Record QModule (Q : Quantale) := {
  mcar :> Type;
  mle : mcar -> mcar -> Prop;
  mle_refl : forall x, mle x x;
  mle_trans : forall x y z, mle x y -> mle y z -> mle x z;
  mle_antisym : forall x y, mle x y -> mle y x -> x = y;
  msup : (mcar -> Prop) -> mcar;
  msup_ub : forall (S : mcar -> Prop) x, S x -> mle x (msup S);
  msup_least : forall (S : mcar -> Prop) y, (exists x, S x) ->
      (forall x, S x -> mle x y) -> mle (msup S) y;
  act : qcar Q -> mcar -> mcar;
  act_assoc : forall s t m, act s (act t m) = act (qmul Q s t) m;
  act_one : forall m, act (qone Q) m = m;
  act_supl : forall (S : qcar Q -> Prop) m, (exists s, S s) ->
      act (qsup Q S) m = msup (fun y => exists s, S s /\ y = act s m);
  act_supr : forall s (S : mcar -> Prop), (exists m, S m) ->
      act s (msup S) = msup (fun y => exists m, S m /\ y = act s m)
}.

Section Defs.
Variable Q : Quantale.
Variable M : QModule Q.

Definition fsup (I : Type) (x : I -> M) : M :=
  msup M (fun y => exists i, x i = y).

Definition fsup_list (I : Type) (x : I -> M) (l : list I) : M :=
  msup M (fun y => exists i, In i l /\ x i = y).

Definition le_star (x : M) (I : Type) (xs : I -> M) : Prop :=
  exists l : list I, l <> nil /\ mle M x (fsup_list xs l).

(** shrinkable modules (families are nonempty, so that their joins exist) *)
Definition shrinkable : Prop :=
  forall (x : M) (I : Type) (xs : I -> M), inhabited I ->
    mle M x (fsup xs) ->
    exists (J : Type) (ys : J -> M), inhabited J /\ x = fsup ys /\
      forall j, le_star (ys j) xs.

Definition mfilter (F : Q -> Prop) : Prop :=
  F (qone Q) /\
  (forall x y, qle Q x y -> F x -> F y) /\
  (forall x y, F x -> F y -> F (qmul Q x y)).

Definition mfsum (F G : Q -> Prop) : Q -> Prop :=
  fun q => forall H, mfilter H -> (forall x, F x -> H x) ->
                     (forall x, G x -> H x) -> H q.

Definition mfcap (F G : Q -> Prop) : Q -> Prop := fun q => F q /\ G q.

Definition prec1 (F : Q -> Prop) (a b : M) : Prop :=
  exists (I : Type) (as_ : I -> M) (s : I -> Q),
    inhabited I /\ (forall i, F (s i)) /\ mle M a (fsup as_) /\
    forall i, mle M (act M (s i) (as_ i)) b.

(** chain of n steps; precn F 0 a b is a = b (only n >= 1 is used) *)
Fixpoint precn (F : Q -> Prop) (n : nat) (a b : M) : Prop :=
  match n with
  | O => a = b
  | S k => exists c, prec1 F a c /\ precn F k c b
  end.

Definition prec (F : Q -> Prop) (a b : M) : Prop :=
  exists n, 1 <= n /\ precn F n a b.

Definition localizable (F : Q -> Prop) : Prop :=
  forall b : M, exists nb, 1 <= nb /\ forall a, prec F a b -> precn F nb a b.

Definition one_step (F : Q -> Prop) : Prop :=
  localizable F /\ forall a b, prec F a b -> prec1 F a b.

End Defs.

Arguments mfilter {Q} F.
Arguments mfsum {Q} F G _.
Arguments mfcap {Q} F G _.

(* The m-filter F + G is {q | f g <= q for some f in F, g in G}.  Since F + G is
   1-step, an F-chain from a to b collapses to one (F+G)-step; by shrinkability its witnesses
   z lie below a and satisfy (f g) z <= b.  The join c of the elements f z then gives
   a <=^1_F c, c <= a (so c still F-reaches b) and c <=^1_G b.  A chain that is an X-chain
   and also a single Y-step is an (X /\ Y)-chain, so every F-chain factors as one F-step
   followed by an (F /\ G)-chain.  For (a) the latter is an H-chain of bounded length; for
   (b) it only goes downwards, as F /\ G acts trivially, and the factorization is a single
   F-step. *)

From Stdlib Require Import List.

Set Implicit Arguments.
Unset Strict Implicit.

Section QuantaleOrder.
Variable Q : Quantale.

Definition qjoin (x y : Q) : Q := qsup Q (fun z => z = x \/ z = y).

Lemma qjoin_l x y : qle Q x (qjoin x y).
Proof. apply qsup_ub; auto. Qed.

Lemma qjoin_r x y : qle Q y (qjoin x y).
Proof. apply qsup_ub; auto. Qed.

Lemma qjoin_idPr x y : qle Q x y -> qjoin x y = y.
Proof.
  intros hxy. apply qle_antisym; [|apply qjoin_r].
  apply qsup_least; [exists x; auto|]. intros z [-> | ->]; auto using qle_refl.
Qed.

Lemma qmul_monotone a x y : qle Q x y -> qle Q (qmul Q a x) (qmul Q a y).
Proof.
  intros hxy. rewrite <- (qjoin_idPr hxy). unfold qjoin.
  rewrite qmul_sup by (exists x; auto).
  apply qsup_ub. exists x; auto.
Qed.

Lemma qmul_le_l a b : qle Q (qmul Q a b) a.
Proof.
  eapply qle_trans; [apply (qmul_monotone a (qone_top Q b))|].
  rewrite qmul_comm, qmul_one. apply qle_refl.
Qed.

Lemma qmul_le_r a b : qle Q (qmul Q a b) b.
Proof. rewrite qmul_comm. apply qmul_le_l. Qed.

End QuantaleOrder.

Section ModuleOrder.
Variable Q : Quantale.
Variable M : QModule Q.

Definition mjoin (x y : M) : M := msup M (fun z => z = x \/ z = y).

Lemma mjoin_l x y : mle M x (mjoin x y).
Proof. apply msup_ub; auto. Qed.

Lemma mjoin_r x y : mle M y (mjoin x y).
Proof. apply msup_ub; auto. Qed.

Lemma mjoin_least x y z : mle M x z -> mle M y z -> mle M (mjoin x y) z.
Proof. intros hx hy. apply msup_least; [exists x; auto|]. intros w [-> | ->]; auto. Qed.

Lemma act_monotone_r s x y : mle M x y -> mle M (act M s x) (act M s y).
Proof.
  intros hxy.
  assert (hjoin : mjoin x y = y)
    by (apply mle_antisym; [apply mjoin_least; auto using mle_refl|apply mjoin_r]).
  rewrite <- hjoin. unfold mjoin. rewrite act_supr by (exists x; auto).
  apply msup_ub. exists x; auto.
Qed.

Lemma act_monotone_l s t x : qle Q s t -> mle M (act M s x) (act M t x).
Proof.
  intros hst. rewrite <- (qjoin_idPr hst). unfold qjoin.
  rewrite act_supl by (exists s; auto).
  apply msup_ub. exists s; auto.
Qed.

Lemma act_le s x : mle M (act M s x) x.
Proof.
  eapply mle_trans; [apply (act_monotone_l x (qone_top Q s))|].
  rewrite act_one. apply mle_refl.
Qed.

End ModuleOrder.

Section Precedence.
Variable Q : Quantale.
Variable M : QModule Q.
Implicit Types (X Y : Q -> Prop) (a b c : M).

Definition moves_below X b (z : M) : Prop := exists t, X t /\ mle M (act M t z) b.

Lemma moves_below_refl X b : X (qone Q) -> moves_below X b b.
Proof. intros h1. exists (qone Q). split; auto. rewrite act_one. apply mle_refl. Qed.

Lemma prec1E X a b : X (qone Q) -> prec1 M X a b <-> mle M a (msup M (moves_below X b)).
Proof.
  intros h1. split.
  - intros [I [as_ [s [[i0] [hs [ha hb]]]]]].
    eapply mle_trans; [apply ha|]. apply msup_least; [exists (as_ i0), i0; auto|].
    intros x [i <-]. apply msup_ub. exists (s i); auto.
  - intros ha.
    exists {p : M * Q | X (snd p) /\ mle M (act M (snd p) (fst p)) b}.
    exists (fun p => fst (proj1_sig p)), (fun p => snd (proj1_sig p)).
    split; [|split; [|split]].
    + constructor. exists (b, qone Q). split; auto. rewrite act_one. apply mle_refl.
    + intros [[z t] [ht hz]]; exact ht.
    + eapply mle_trans; [apply ha|]. apply msup_least; [exists b; apply moves_below_refl; auto|].
      intros z [t [ht hz]]. apply msup_ub. exists (exist _ (z, t) (conj ht hz)). reflexivity.
    + intros [[z t] [ht hz]]; exact hz.
Qed.

Lemma prec1_le_l X a a' b : X (qone Q) -> mle M a a' -> prec1 M X a' b -> prec1 M X a b.
Proof. intros h1 ha. rewrite !prec1E by auto. apply mle_trans; auto. Qed.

**TASK DIRECTIONS:**
Set down the lines above as they stand, starting with the first line and ending with the line that contains "mle_antisym : forall".

**REPLY TO THE TASK:**
Record QModule (Q : Quantale) := {
  mcar :> Type;
  mle : mcar -> mcar -> Prop;
  mle_refl : forall x, mle x x;
  mle_trans : forall x y z, mle x y -> mle y z -> mle x z;
  mle_antisym : forall x y, mle x y -> mle y x -> x = y;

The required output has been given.